Of course many ways to do that, but as an example this is valid. The RFC should be great if it comes soon as everyone is primed to find bits to be used against the network, so this is perfect timing I suppose.

The authorship is very important as well and not something we have really answered yet. It is worth thinking more about.


Ok, I did not know that. Is the possibility to see earlier edits restricted to the administrators only, or can anyone see edit history of others?

That is OK when you know in advance that you are wanting to hide your personality. I’m talking about the cases after the fact that you have published something that you realize would have been better to stay out of public. Now I hear you and other saying that once you have published something, you can never be sure that it can be hidden again. And you are right of course. But while you can not be sure if you manage to hide again (if someone else has seen and copied it), neither can you be sure that someone else has actually seen and on top of that copied it.

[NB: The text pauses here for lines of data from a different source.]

Lemma mistake_sum_snoc {X : Type} (tr : transcript X) e :
  mistake_sum (tr ++ [e]) = mistake_sum tr + mistake (snd (fst e)) (snd e).
Proof.
  induction tr as [|e' tr IH]; simpl; [lra|].
  unfold mistake_sum in *. rewrite IH. lra.
Qed.

(* In a played transcript the recorded probabilities are the learner's answers,
   so the mistake penalty can be read off the transcript alone. *)
Lemma mistakes_play {X : Type} (L : learner X) (A : adversary X) :
  mistakes L (strip (play L A)) = mistake_sum (play L A).
Proof.
  apply play_invariant; [|reflexivity].
  intros tr IH x p. unfold mistakes in *.
  rewrite strip_app, mistake_sum_snoc, <- IH. apply mistakes_aux_snoc.
Qed.

Definition probs_valid (p : R * R) : Prop :=
  0 <= fst p /\ 0 <= snd p /\ fst p + snd p <= 1.

Definition neg_count {X : Type} (tr : transcript X) : nat :=
  length (disagreements (fun _ => Pos) (strip tr)).

Lemma neg_count_app {X : Type} (tr tr' : transcript X) :
  neg_count (tr ++ tr') = (neg_count tr + neg_count tr')%nat.
Proof.
  unfold neg_count, disagreements.
  now rewrite strip_app, filter_app, map_app, length_app.
Qed.

Lemma neg_count_nil {X : Type} : neg_count (@nil (X * (R * R) * label)) = 0%nat.
Proof. reflexivity. Qed.

Lemma neg_count_cons_Neg {X : Type} (x : X) p tr :
  neg_count ((x, p, Neg) :: tr) = S (neg_count tr).
Proof. reflexivity. Qed.

Lemma neg_count_cons_Pos {X : Type} (x : X) p tr :
  neg_count ((x, p, Pos) :: tr) = neg_count tr.
Proof. reflexivity. Qed.

Lemma mistake_sum_ge_threshold {X : Type} (c : R) (tr : transcript X) :
  Forall (fun e => probs_valid (snd (fst e)) /\
                   (snd e = Neg -> c <= snd (snd (fst e)))) tr ->
  c * INR (neg_count tr) <= mistake_sum tr.
Proof.
  induction tr as [|[[x [pm pp]] y] tr IH]; intros Htr; [simpl; lra|].
  inversion Htr as [|? ? [[Hm [Hp _]] Hneg] Htr']; subst.
  specialize (IH Htr'). cbn [fst snd mistake_sum fold_right] in *. fold (mistake_sum tr).
  destruct y; rewrite ?neg_count_cons_Neg, ?neg_count_cons_Pos;
    unfold mistake at 1; cbn [fst snd isNeg isPos].
  - rewrite S_INR. specialize (Hneg eq_refl). lra.
  - lra.
Qed.

Lemma abstentions_mistake_sum_ge {X : Type} (c : R) (tr : transcript X) :
  Forall (fun e => probs_valid (snd (fst e)) /\
                   (c <= snd (snd (fst e)) -> snd e = Neg)) tr ->
  (1 - c) * (INR (length tr) - INR (neg_count tr)) <= abstentions tr + mistake_sum tr.
Proof.
  induction tr as [|[[x [pm pp]] y] tr IH]; intros Htr; [simpl; lra|].
  inversion Htr as [|? ? [[Hm [Hp Hs]] Hneg] Htr']; subst.
  specialize (IH Htr').
  cbn [fst snd length mistake_sum abstentions fold_right] in *.
  fold (mistake_sum tr) (abstentions tr). rewrite S_INR.
  destruct y; rewrite ?neg_count_cons_Neg, ?neg_count_cons_Pos;
    unfold mistake at 1, abstain at 1; cbn [fst snd isNeg isPos].
  - rewrite S_INR. lra.
  - assert (Hlt : pp < c) by (apply Rnot_le_lt; intros Hc; discriminate (Hneg Hc)).
    lra.
Qed.

Section ThresholdAdversary.

Variables (c : R) (l n : nat) (L : learner nat).

Definition threshold_label (tr : transcript nat) (x : nat) (p : R * R) : label :=
  if Rle_dec c (snd p) then
    if (neg_count tr <? l)%nat then Neg else Pos
  else Pos.

(* The instance of round t is t itself, so no instance is repeated. *)
Definition threshold_adversary : adversary nat :=
  {| adv_rounds := n; adv_x := @length _; adv_y := threshold_label |}.

Let A := threshold_adversary.

Lemma threshold_instances_fresh :
  map fst (strip (play L A)) = seq 0 (length (play L A)).
Proof.
  apply play_invariant; [|reflexivity].
  intros tr IH x p. unfold x; simpl.
  now rewrite strip_app, map_app, length_app, IH, Nat.add_comm, seq_S.
Qed.

Lemma threshold_neg_count_le : (neg_count (play L A) <= l)%nat.
Proof.
  apply play_invariant with (P := fun tr => (neg_count tr <= l)%nat);
    [|rewrite neg_count_nil; lia].
  intros tr IH x p. rewrite neg_count_app. simpl. unfold threshold_label.
  destruct (Rle_dec c (snd p)); [destruct (Nat.ltb_spec (neg_count tr) l)|];
    rewrite ?neg_count_cons_Neg, ?neg_count_cons_Pos, neg_count_nil; lia.
Qed.

Lemma threshold_play_l_bias : l_bias (fun g => g = fun _ => Pos) l (strip (play L A)).
Proof.
  apply (l_bias_singleton Nat.eq_dec).
  - rewrite threshold_instances_fresh. apply seq_NoDup.
  - exact threshold_neg_count_le.
Qed.

Hypothesis HL : valid_learner L.

Lemma threshold_play_Neg_bet :
  Forall (fun e => probs_valid (snd (fst e)) /\
                   (snd e = Neg -> c <= snd (snd (fst e)))) (play L A).
Proof.
  apply play_invariant; [|constructor].
  intros tr IH x p. apply Forall_app. split; [exact IH|].
  constructor; [|constructor]. split; [exact (HL _ _)|].
  simpl. unfold threshold_label.
  destruct (Rle_dec c (snd p)); [auto | discriminate].
Qed.
Lemma exprD_pow2 k (x y : F) : (x + y) ^+ (2 ^ k) = x ^+ (2 ^ k) + y ^+ (2 ^ k).
Proof.
by apply: exprDn_pchar; rewrite pnatX (pnatE _ (isT : prime 2)) F_char2.
Qed.

Lemma exprD_pow2_addn1 k (x y : F) : (x + y) ^+ (2 ^ k + 1) =
  x ^+ (2 ^ k + 1) + y ^+ (2 ^ k + 1) + (x ^+ (2 ^ k) * y + y ^+ (2 ^ k) * x).
Proof.
rewrite !addn1 !exprSr exprD_pow2; set X := x ^+ _; set Y := y ^+ _; ring.
Qed.

Lemma TrmD m (x y : F) : Trm m (x + y) = Trm m x + Trm m y.
Proof. by rewrite /Trm -big_split; apply: eq_bigr => i _; rewrite exprD_pow2. Qed.

Lemma Trm0 m : Trm m (0 : F) = 0.
Proof. by rewrite /Trm big1 // => i _; rewrite expr0n expn_eq0. Qed.

Lemma Trm_sum m (I : Type) (r : seq I) (P : pred I) (f : I -> F) :
  Trm m (\sum_(i <- r | P i) f i) = \sum_(i <- r | P i) Trm m (f i).
Proof. exact: (big_morph (Trm m) (TrmD m) (Trm0 m)). Qed.

Lemma Trm_sqr m (y : F) : Trm m (y ^+ 2) = Trm m y ^+ 2.
Proof.
rewrite /Trm (big_morph (fun x => x ^+ (2 ^ 1)) (exprD_pow2 1) (expr0n _ _)).
by apply: eq_bigr => i _; rewrite expn1 exprAC.
Qed.

Lemma Trm_sqr_fixed m (y : F) : y ^+ (2 ^ m) = y -> Trm m y ^+ 2 = Trm m y.
Proof.
move=> ym; rewrite -Trm_sqr /Trm.
have: \sum_(i < m.+1) y ^+ (2 ^ i) = \sum_(i < m.+1) y ^+ (2 ^ i) by [].
rewrite {1}big_ord_recl big_ord_recr /= expr1 ym [_ + y]addrC => /addrI <-.
by apply: eq_bigr => i _; rewrite -exprM expnS.
Qed.

Definition is_bit (t : F) := (t == 0) || (t == 1).

Lemma is_bitP (t : F) : t ^+ 2 = t -> is_bit t.
Proof.
move=> tt; have : t * (t - 1) == 0 by rewrite mulrBr mulr1 -expr2 tt subrr.
by rewrite mulf_eq0 subr_eq0.
Qed.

Well, in the case of Oldnet platforms, you actually know that it is copied somewhere, but in principal that would not have to be the case.

Another thing, are you even planning to have accesses to data like “Shared with 20, which of 15 can only view and 5 can modify”?


Initially it would be shared with 20, viewable by 20, changeable by 5, if that makes sense. Again though viewable by 20 likely means public in many cases.


Ok, but is this in plans? It’s not only about me trying to cirmumvent the current design, but about having a platform where people can collaborate and limit the damage of the less skillfull collaborators (or clients of the team etc.) can do.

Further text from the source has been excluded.